Stored data
(* In the ascending-price auction $G^*$ (defined in the context), for every bidder $i$, every information set $\boldsymbol h_i$ of $i$ containing at least two histories, and every partition $\{\boldsymbol h_i^1,\boldsymbol h_i^2\}$ of $\boldsymbol h_i$ into two nonempty sets, the illuminating (ILL) with respect to $\boldsymbol h_i,\boldsymbol h_i^1,\boldsymbol h_i^2$ is not incentive-preserving (with respect to the second-price auction rule $f$).
   Context: General framework. Agents $N$ with finite type spaces $\Theta_i$, types inducing complete transitive preferences $R(\theta_i)$ over outcomes; an SCF $f$ maps type profiles to outcomes. A gradual mechanism (GM) implementing $f$ is a finite extensive game form with perfect recall (possibly simultaneous moves, all agents active at the initial history, information sets partitioning each agent's decision nodes, outcome function on terminal histories) in which each action of agent $i$ is a nonempty subset of $\Theta_i$, at each decision node of $i$ the available actions are pairwise disjoint with union equal to the last action $\Theta_i(h)$ of $i$ taken before (or $\Theta_i$ if none), and each terminal history $z$ receives outcome $f(\theta)$ for any $\theta\in\Theta(z)=\prod_k\Theta_k(z)$. For a set $\boldsymbol h$ of histories contained in an information set of $i$: $\Theta_i(\boldsymbol h)$ is $i$'s current report there and $\Theta_{-i}(\boldsymbol h)=\bigcup_{h\in\boldsymbol h}\prod_{k\ne i}\Theta_k(h)$. A history $h$ is consistent with a strategy profile $s_M$ of agents in $M\subsetneq N$ if it lies on the path of some completion of $s_M$; a type profile $\theta$ is consistent with $s_M$ if the terminal history $z$ with $\theta\in\Theta(z)$ is. ILL. Given an information set $\boldsymbol h_i$ and a partition into nonempty $\boldsymbol h_i^1,\boldsymbol h_i^2$, the ILL splits $\boldsymbol h_i$ into these two information sets (and splits $i$'s later information sets accordingly), leaving everything else unchanged. It is incentive-preserving if for every agent $j\ne i$, all $\theta_i^1,\theta_i^2\in\Theta_i(\boldsymbol h_i)$, $\theta_j^1,\theta_j^2\in\Theta_j$, $\theta_{-i,j}^1,\theta_{-i,j}^2$ (type profiles of agents other than $i,j$) such that (i) $(\theta_j^1,\theta_{-i,j}^1)\in\Theta_{-i}(\boldsymbol h_i^1)$, (ii) $(\theta_j^2,\theta_{-i,j}^2)\in\Theta_{-i}(\boldsymbol h_i^2)$, (iii) some strategy profile $s_{-i,j}$ of agents other than $i,j$ is consistent with both $(\theta_i^1,\theta_j^1,\theta_{-i,j}^1)$ and $(\theta_i^2,\theta_j^2,\theta_{-i,j}^2)$, we have $f(\theta_i^1,\theta_j^1,\theta_{-i,j}^1)\,R(\theta_j^1)\,f(\theta_i^2,\theta_j^2,\theta_{-i,j}^2)$. Auction environment. Bidders $N=\{1,\dots,n\}$ ($n\ge2$), each with private value $v_i\in V=\{1,\dots,m\}$ ($m\ge2$), so $\Theta_i=V$. An outcome is a probability distribution over which bidder receives the item together with the price the winner pays; bidder $i$ with value $v_i$ ranks outcomes by expected payoff (probability of winning times $v_i$ minus the price paid upon winning). The second-price auction rule $f$ assigns to each value profile $v$ the outcome in which the item goes, with equal probability, to one of the bidders with the highest value, who pays the second-highest entry of $v$ (equal to the highest value if there is a tie at the top). Ascending-price auction $G^*$. Price levels $p=1,2,\dots$. At $p=1$ all bidders are active; at $p\ge2$ the active bidders are those who stayed at $p-1$. At price $p\le m-1$, active bidders move one at a time in increasing index order; each chooses ''stay'', the action $\{v\in V:v>p\}$, or ''leave'', the action $\{v\in V:v=p\}$. After all active bidders have moved at $p$: if exactly one stayed, she wins and pays $p$; if none stayed, a uniformly random bidder among those who left at $p$ wins and pays $p$; if at least two stayed and $p<m-1$, the price rises to $p+1$; if at least two stayed and $p=m-1$, the auction stops and a uniformly random bidder among those who stayed at $m-1$ wins and pays $m$. Information: when bidder $i$ moves at price $p$, she knows all choices at earlier price levels; regarding the bidders who moved before her at price $p$: if at least two of them stayed she knows exactly their choices, otherwise she knows only that at most one of them stayed. That is, an information set of $i$ is a singleton unless it contains a history in which fewer than two earlier movers at price $p$ stayed, in which case it consists of all histories that coincide with it at all previous price levels and in which fewer than two earlier movers at price $p$ stayed. *)

From mathcomp Require Import all_boot all_order all_algebra.
Lemma nearest_point_exists (M : X -> Prop) y u0 : complete X -> is_closed M ->
  midpoint_closed M -> M u0 ->
  exists m, M m /\ forall u, M u -> inner (vsub y m) (vsub y m) <= inner (vsub y u) (vsub y u).
Proof.
  intros Hc Hcl Hmid Hu0.
  destruct (infimum_exists (fun u : {u | M u} => inner (vsub y (proj1_sig u)) (vsub y (proj1_sig u)))
    (exist _ u0 Hu0)) as [d [Hd Hinf]]; [intros; apply inner_pos|].
  destruct (functional_choice (fun n (u : {u | M u}) =>
    inner (vsub y (proj1_sig u)) (vsub y (proj1_sig u)) < d + (/ 2) ^ n)) as [ms Hms].
  { intros n; apply Hinf, pow_lt; lra. }
  assert (Hcau : cauchy (fun n => proj1_sig (ms n))).
  { apply (minimizing_sequence_cauchy M y d); auto.
    - intros u Hu; exact (Hd (exist _ u Hu)).
    - intros n; apply proj2_sig. }
  destruct (Hc _ Hcau) as [m Hm].
  assert (HMm : M m) by exact (Hcl _ m (fun n => proj2_sig (ms n)) Hm).
  exists m; split; auto; intros u Hu.
  apply Rle_trans with d; [|exact (Hd (exist _ u Hu))].
  apply inner_self_le_of_approx; intros eps He.
  destruct (Hm eps He) as [N1 HN1]; destruct (half_pow_tail 1 eps) as [N2 HN2]; [lra|auto|].
  set (n := max N1 N2); exists (vsub y (proj1_sig (ms n))); split.
  - replace (vsub (vsub y m) (vsub y (proj1_sig (ms n)))) with (vsub (proj1_sig (ms n)) m)
      by vector_eq.
    apply HN1, Nat.le_max_l.
  - pose proof (Hms n); pose proof (HN2 n (Nat.le_max_r _ _)); lra.
Qed.
(* Let $\mathbb{T}$ be a time scale, $t_0\in\mathbb{T}$, $b,c:\mathbb{T}\to[0,\infty)$, $x_0>0$, $y_0>0$, $z_0\ge0$, and let $(x,y,z)$ be a solution of $$x^{\Delta}=-\frac{b(t)\,x\,y^{\sigma}}{x+y},\qquad y^{\Delta}=\frac{b(t)\,x\,y^{\sigma}}{x+y}-c(t)\,y^{\sigma},\qquad z^{\Delta}=c(t)\,y^{\sigma},$$ with $x,y:\mathbb{T}\to(0,\infty)$, $z:\mathbb{T}\to[0,\infty)$, $x(t_0)=x_0$, $y(t_0)=y_0$, $z(t_0)=z_0$. If $c(t)\ge b(t)$ for all $t\in\mathbb{T}$, or $\frac{x_0}{x_0+y_0}b(t)\le c(t)\le b(t)$ for all $t\in\mathbb{T}$, then $y$ is decreasing, i.e. $y^{\Delta}(t)\le0$ for all $t$. If $\frac{x_0}{x_0+y_0}b(t_0)\ge c(t_0)$, then $y^{\Delta}(t_0)\ge0$.
   Context: A time scale $\mathbb{T}$ is a nonempty closed subset of $\mathbb{R}$. $\sigma(t)=\inf\{s\in\mathbb{T}:s>t\}$, $f^{\sigma}=f\circ\sigma$. $f^{\Delta}$ is the delta (Hilger) derivative: for every $\varepsilon>0$ there is $\delta>0$ with $|f(\sigma(t))-f(s)-f^{\Delta}(t)(\sigma(t)-s)|\le\varepsilon|\sigma(t)-s|$ for $s\in(t-\delta,t+\delta)\cap\mathbb{T}$. *)

From HB Require Import structures.
From mathcomp Require Import all_boot all_order all_algebra.
From mathcomp Require Import all_classical all_reals all_analysis.
Set Implicit Arguments. Unset Strict Implicit. Unset Printing Implicit Defensive.
Import Order.TTheory GRing.Theory Num.Theory.
Import numFieldNormedType.Exports.
Local Open Scope classical_set_scope.
Local Open Scope ring_scope.
(* Consider the permanently Colored Magnetic Tower of Hanoi with $N\ge 1$ disks, posts $S$ (source), $I$ (intermediate), $D$ (destination), where $S$ is colored Red, $D$ is colored Blue, and $I$ is colored either Blue or Red (both versions). Then the minimum number of moves needed to transfer all $N$ disks from $S$ to $D$ is $$S_{100}(N)=\sum_{k=1}^N 3^{k-1}=\frac{3^N-1}{2},$$ and in such a minimal solution disk $k$ (disks numbered $1,\dots,N$ from largest to smallest) is moved exactly $P_{100}(k)=3^{k-1}$ times.
   Context: Magnetic Tower of Hanoi (MToH): there are three posts and $N$ disks of distinct diameters, numbered $1$ (largest) to $N$ (smallest). Each disk has two faces, one Red and one Blue. Initially all $N$ disks are stacked on the source post $S$ in decreasing size from bottom to top, each with its Red face up (Blue face down). A move consists of lifting the top disk of some post, turning it upside down, and placing it on top of another post. Rules: (Size rule) a disk may never be placed on a smaller disk; (Magnet rule) a disk may never be placed so that its downward-facing side has the same color as the upward-facing side of the disk it lands on. The puzzle is solved when all $N$ disks are on the destination post $D$ (one of the two initially empty posts) in decreasing size from bottom to top. In the permanently Colored MToH, each post additionally carries a fixed color, and any disk lying on a post (whether or not the post contains other disks) must have its upward-facing side of that post's color. *)

From mathcomp Require Import all_boot.
Set Implicit Arguments. Unset Strict Implicit. Unset Printing Implicit Defensive.

(* Magnetic Tower of Hanoi.  Disks are 'I_N; ordinal i corresponds to the
   paper's disk i+1, so ordinal 0 is the largest disk and ordinal N-1 the
   smallest.  Disk i is larger than disk j iff i < j. *)

Inductive post := PS | PI | PD.
Inductive color := Red | Blue.

Definition flipc (c : color) : color := match c with Red => Blue | Blue => Red end.

(* On each post the disks are stacked in decreasing size from bottom
   to top (this invariant is preserved by the size rule), so the stack on a
   post is determined by the set of disks on it; its top disk is the
   smallest one, i.e. the one with the largest index. *)
Record config (N : nat) := Config { pos : 'I_N -> post; up : 'I_N -> color }.

Definition init_config (N : nat) : config N := Config (fun _ => PS) (fun _ => Red).

Definition final_config N (s : config N) : Prop := forall d, pos s d = PD.

Definition is_top N (s : config N) (p : post) (d : 'I_N) : Prop :=
  pos s d = p /\ forall e, pos s e = p -> (e <= d)%N.

Definition colored_ok N (pc : post -> color) (s : config N) : Prop :=
  forall d, up s d = pc (pos s d).

Definition cmove N (pc : post -> color) (s t : config N) (d : 'I_N) : Prop :=
  exists p q : post,
    [/\ p <> q, is_top s p d,
        (forall e, pos s e = q -> (e < d)%N)
      & (* magnet rule: the downward face of d after flipping (= its old upward
           face) differs from the upward face of the top disk of q *)
        (forall e, is_top s q e -> up s d <> up s e)] /\
        [/\ pos t d = q, up t d = flipc (up s d),
            (forall e, e <> d -> pos t e = pos s e /\ up t e = up s e)
          & colored_ok pc t].

Fixpoint cpath N (pc : post -> color) (s : config N) (ms : seq ('I_N * config N)) : Prop :=
  match ms with
  | [::] => True
  | (d, t) :: ms' => cmove pc s t d /\ cpath pc t ms'
  end.

Definition csolution N (pc : post -> color) (ms : seq ('I_N * config N)) : Prop :=
  cpath pc (init_config N) ms /\ final_config (last (init_config N) (map snd ms)).

Definition nmoves N (ms : seq ('I_N * config N)) (k : 'I_N) : nat :=
  count (fun x => x.1 == k) ms.

Definition coloring (cI : color) (p : post) : color :=
  match p with PS => Red | PI => cI | PD => Blue end.
(* Let $X$ be a finite connected simplicial complex and $\delta$ a cellular perversity. The family $\mathcal B(X,\delta)=\{U(\Delta,\delta)\}_{\Delta}$, indexed by all simplices $\Delta$ of $X$, is a base for a topology on $X$.
   Context: Simplices are open and $X$ is their disjoint union; $\Delta\leftrightarrow\Delta'$ means one is a face of the other. Cellular perversity: $\delta:\mathbb Z_{\ge0}\to\mathbb Z$, $\delta(0)=0$, bijective from each $\{0,\dots,k\}$ onto an interval $\{a,\dots,a+k\}$, $a\le0$; $\delta(\Delta)=\delta(\dim\Delta)$. Order $\Lambda(X,\delta)$: $\Delta\ge\Delta'$ iff there is a chain $\Delta=\Delta_0,\dots,\Delta_r=\Delta'$ ($r\ge0$) with $\Delta_i\leftrightarrow\Delta_{i+1}$ and $\delta(\Delta_i)=\delta(\Delta_{i+1})+1$. The perverse star is $U(\Delta,\delta)=\bigsqcup_{\Delta'\le\Delta}\Delta'$. *)

From HB Require Import structures.
From mathcomp Require Import all_boot all_order all_algebra.
Set Implicit Arguments. Unset Strict Implicit. Unset Printing Implicit Defensive.
Import Order.TTheory GRing.Theory Num.Theory.

(* ---------- Abstract finite simplicial complex on a finite vertex type V.
   K is the set of vertex sets of simplices; a simplex is a NONEMPTY member. *)
Definition simplex (V : finType) (K : {set {set V}}) (A : {set V}) : bool :=
  (A \in K) && (A != set0).

Definition simplicial_complex (V : finType) (K : {set {set V}}) : Prop :=
  forall A B : {set V}, A \in K -> B \subset A -> B != set0 -> B \in K.

Definition incident (V : finType) (K : {set {set V}}) (A B : {set V}) : bool :=
  [&& simplex K A, simplex K B & (A \subset B) || (B \subset A)].

Definition sc_connected (V : finType) (K : {set {set V}}) : Prop :=
  forall A B, simplex K A -> simplex K B ->
    exists s : seq {set V}, path (incident K) A s /\ last A s = B.

Definition sdim (V : finType) (A : {set V}) : nat := #|A|.-1.

Local Open Scope ring_scope.
Definition cellular_perversity (delta : nat -> int) : Prop :=
  delta 0%N = 0 /\
  forall k : nat, exists a : int, a <= 0 /\
    (forall i j : nat, (i <= k)%N -> (j <= k)%N -> delta i = delta j -> i = j) /\
    (forall i : nat, (i <= k)%N -> a <= delta i <= a + k%:Z) /\
    (forall z : int, a <= z <= a + k%:Z -> exists2 i : nat, (i <= k)%N & delta i = z).

Definition pdelta (V : finType) (delta : nat -> int) (A : {set V}) : int :=
  delta (sdim A).

Definition pstep (V : finType) (K : {set {set V}}) (delta : nat -> int)
  (A B : {set V}) : bool :=
  incident K A B && (pdelta delta A == pdelta delta B + 1).

Definition pge (V : finType) (K : {set {set V}}) (delta : nat -> int)
  (A B : {set V}) : Prop :=
  simplex K A /\
  exists s : seq {set V}, path (pstep K delta) A s /\ last A s = B.

(* ---------- Geometric realization: points are barycentric coordinate vectors. *)

Definition in_open_simplex (R : realFieldType) (V : finType) (A : {set V})
  (x : V -> R) : Prop :=
  (forall v, 0 <= x v) /\ \sum_(v : V) x v = 1 /\ [set v | x v != 0] = A.

Definition realization (R : realFieldType) (V : finType) (K : {set {set V}})
  (x : V -> R) : Prop :=
  exists A, simplex K A /\ in_open_simplex A x.

Definition perverse_star (R : realFieldType) (V : finType) (K : {set {set V}})
  (delta : nat -> int) (A : {set V}) (x : V -> R) : Prop :=
  exists B, pge K delta A B /\ in_open_simplex B x.

Definition is_base_for_topology (T I : Type) (X : T -> Prop) (D : I -> Prop)
  (B : I -> T -> Prop) : Prop :=
  (forall i, D i -> forall x, B i x -> X x) /\
  (forall x, X x -> exists i, D i /\ B i x) /\
  (forall i j x, D i -> D j -> B i x -> B j x ->
     exists k, D k /\ B k x /\ (forall y, B k y -> B i y /\ B j y)).

From mathcomp Require Import all_boot all_order all_algebra.
Set Implicit Arguments. Unset Strict Implicit. Unset Printing Implicit Defensive.

(* Every point x of |X| lies in exactly one open simplex, its carrier, and x
   lies in U(D) iff its carrier is <= D.  Since <= is a preorder on the
   simplices, U(carrier x) contains x and is contained in every U(D) through x,
   so the perverse stars form a base. *)

Section PerverseOrder.

Variables (V : finType) (K : {set {set V}}) (delta : nat -> int).

Lemma pge_refl A : simplex K A -> pge K delta A A.
Proof. by move=> sA; split=> //; exists [::]. Qed.

Lemma pge_trans A B C : pge K delta A B -> pge K delta B C -> pge K delta A C.
Proof.
move=> [sA [s1 [p1 l1]]] [_ [s2 [p2 l2]]]; split=> //; exists (s1 ++ s2).
by rewrite cat_path last_cat l1 p1 p2 l2.
Qed.

Lemma pge_simplex A B : pge K delta A B -> simplex K B.
Proof.
move=> [sA [s [p <-]]]; elim: s A sA p => [|b s IH] A sA //=.
by case/andP=> /andP[/and3P[_ sb _] _]; exact: IH.
Qed.

End PerverseOrder.

Lemma open_simplex_uniq (R : realFieldType) (V : finType) (A B : {set V})
    (x : V -> R) :
  in_open_simplex A x -> in_open_simplex B x -> A = B.
Proof. by move=> [_ [_ <-]] [_ [_ <-]]. Qed.

Section PerverseStar.

Variables (R : realFieldType) (V : finType) (K : {set {set V}}).
Variable delta : nat -> int.

Lemma perverse_star_carrier A (x : V -> R) :
  simplex K A -> in_open_simplex A x -> perverse_star K delta A x.
Proof. by move=> sA oA; exists A; split=> //; exact: pge_refl. Qed.

Lemma perverse_star_realization A (x : V -> R) :
  perverse_star K delta A x -> realization K x.
Proof. by move=> [B [pAB oB]]; exists B; split=> //; exact: pge_simplex pAB. Qed.

Lemma perverse_star_mono A B (x : V -> R) :
  pge K delta A B -> perverse_star K delta B x -> perverse_star K delta A x.
Proof. by move=> pAB [C [pBC oC]]; exists C; split=> //; exact: pge_trans pBC. Qed.

End PerverseStar.

Theorem lemma2p3p3 (R : realFieldType) (V : finType) (K : {set {set V}})
  (delta : nat -> int) :
  simplicial_complex K -> sc_connected K -> cellular_perversity delta ->
  is_base_for_topology (realization (R := R) K)
    (fun A : {set V} => simplex K A)
    (fun A : {set V} => perverse_star (R := R) K delta A).
Proof.
move=> _ _ _; split; [|split].
- by move=> A _ x; exact: perverse_star_realization.
- move=> x [A [sA oA]]; exists A; split=> //.
  exact: perverse_star_carrier.
- move=> A B x _ _ [C [pAC oC]] [C' [pBC' oC']].
  have eCC' : C = C' := open_simplex_uniq oC oC'.
  subst C'.
  have sC : simplex K C := pge_simplex pAC.
  exists C; split=> //; split; first exact: perverse_star_carrier.
  by move=> y yC; split; [exact: perverse_star_mono pAC yC
                         | exact: perverse_star_mono pBC' yC].
Qed.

▸ **Problem details**:
Search the entries above for "ordinal". Return every line that has it.

▸ **Your solution**:
(* Magnetic Tower of Hanoi.  Disks are 'I_N; ordinal i corresponds to the
   paper's disk i+1, so ordinal 0 is the largest disk and ordinal N-1 the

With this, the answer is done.